Search the records for the word "exact" and report each line that has it.

▸ Record extracts:
---
Lemma Tdeg_iQ q : Tdeg 1 (iQ q).
Proof.
apply: zspan_gen; exists [:: q], [::], 0, 1, 1; split=> //; left.
by rewrite /= big_seq1 -iQ_rQ rQ1.
Qed.

Lemma Tdeg_iP p : Tdeg (- 1) (iP p).
Proof.
apply: zspan_gen; exists [::], [:: p], 0, 1, 1; split=> //; left.
by rewrite /= big_seq1 -iP_lP lP1.
Qed.

Section ImageGrading.
Variables (O : pzRingType) (rho : TT -> O).
Hypothesis rhoD : additive_map rho.
Hypothesis rhoM : forall x y, rho (x * y) = rho x * rho y.

Definition Odeg (i : int) (y : O) : Prop := exists x, Tdeg i x /\ y = rho x.

Local Notation eO := (rho (iR 1)).

Lemma Odeg_iQ q : Odeg 1 (rho (iQ q)).
Proof. by exists (iQ q); split=> //; exact: Tdeg_iQ. Qed.

Lemma Odeg_iP p : Odeg (- 1) (rho (iP p)).
Proof. by exists (iP p); split=> //; exact: Tdeg_iP. Qed.

Lemma unit_in_PQ : psi_surjective X -> prodspan Odeg (- 1) 1 eO.
Proof.
move=> surj; have [s ->] := surj 1.
rewrite (addmap_sum _ _ iRD) (addmap_sum _ _ rhoD); apply: zspan_big => t.
rewrite iR_psi rhoM; apply: zspan_gen.
by exists (rho (iP t.1)), (rho (iQ t.2)); split; [exact: Odeg_iP | split; [exact: Odeg_iQ |]].
Qed.

(* If T(J) = ker rho and 1 in J, then eO = rho(pi(Delta(1))) lies in O_1 O_{-1}. *)
Lemma unit_in_QP (J : R -> Prop) :
  psi_compatible X J -> J 1 ->
  (forall x, rho x = 0 <-> ideal_gen (TJgen X J iP iQ iR) x) ->
  prodspan Odeg 1 (- 1) eO.
Proof.
move=> [_ compJ] J1 ker; have [s Hs] := compJ 1 J1.
pose S := \sum_(t <- s) sgn t.1.1 (iQ t.1.2 * iP t.2).
have eS : eO = rho S.
  apply/eqP; rewrite -subr_eq0 -(addmapN _ rhoD) -rhoD; apply/eqP/ker/ideal_gen_base.
  by exists 1, s.
rewrite eS (addmap_sum _ _ rhoD); apply: zspan_big => t.
rewrite (addmap_sgn _ _ rhoD) rhoM; apply/zspan_sgn/zspan_gen.
by exists (rho (iQ t.1.2)), (rho (iP t.2)); split; [exact: Odeg_iQ | split; [exact: Odeg_iP |]].
Qed.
---
▸ Final answer:
Proof. by exists (iQ q); split=> //; exact: Tdeg_iQ. Qed.
Proof. by exists (iP p); split=> //; exact: Tdeg_iP. Qed.
by exists (rho (iP t.1)), (rho (iQ t.2)); split; [exact: Odeg_iP | split; [exact: Odeg_iQ |]].
by exists (rho (iQ t.1.2)), (rho (iP t.2)); split; [exact: Odeg_iQ | split; [exact: Odeg_iP |]].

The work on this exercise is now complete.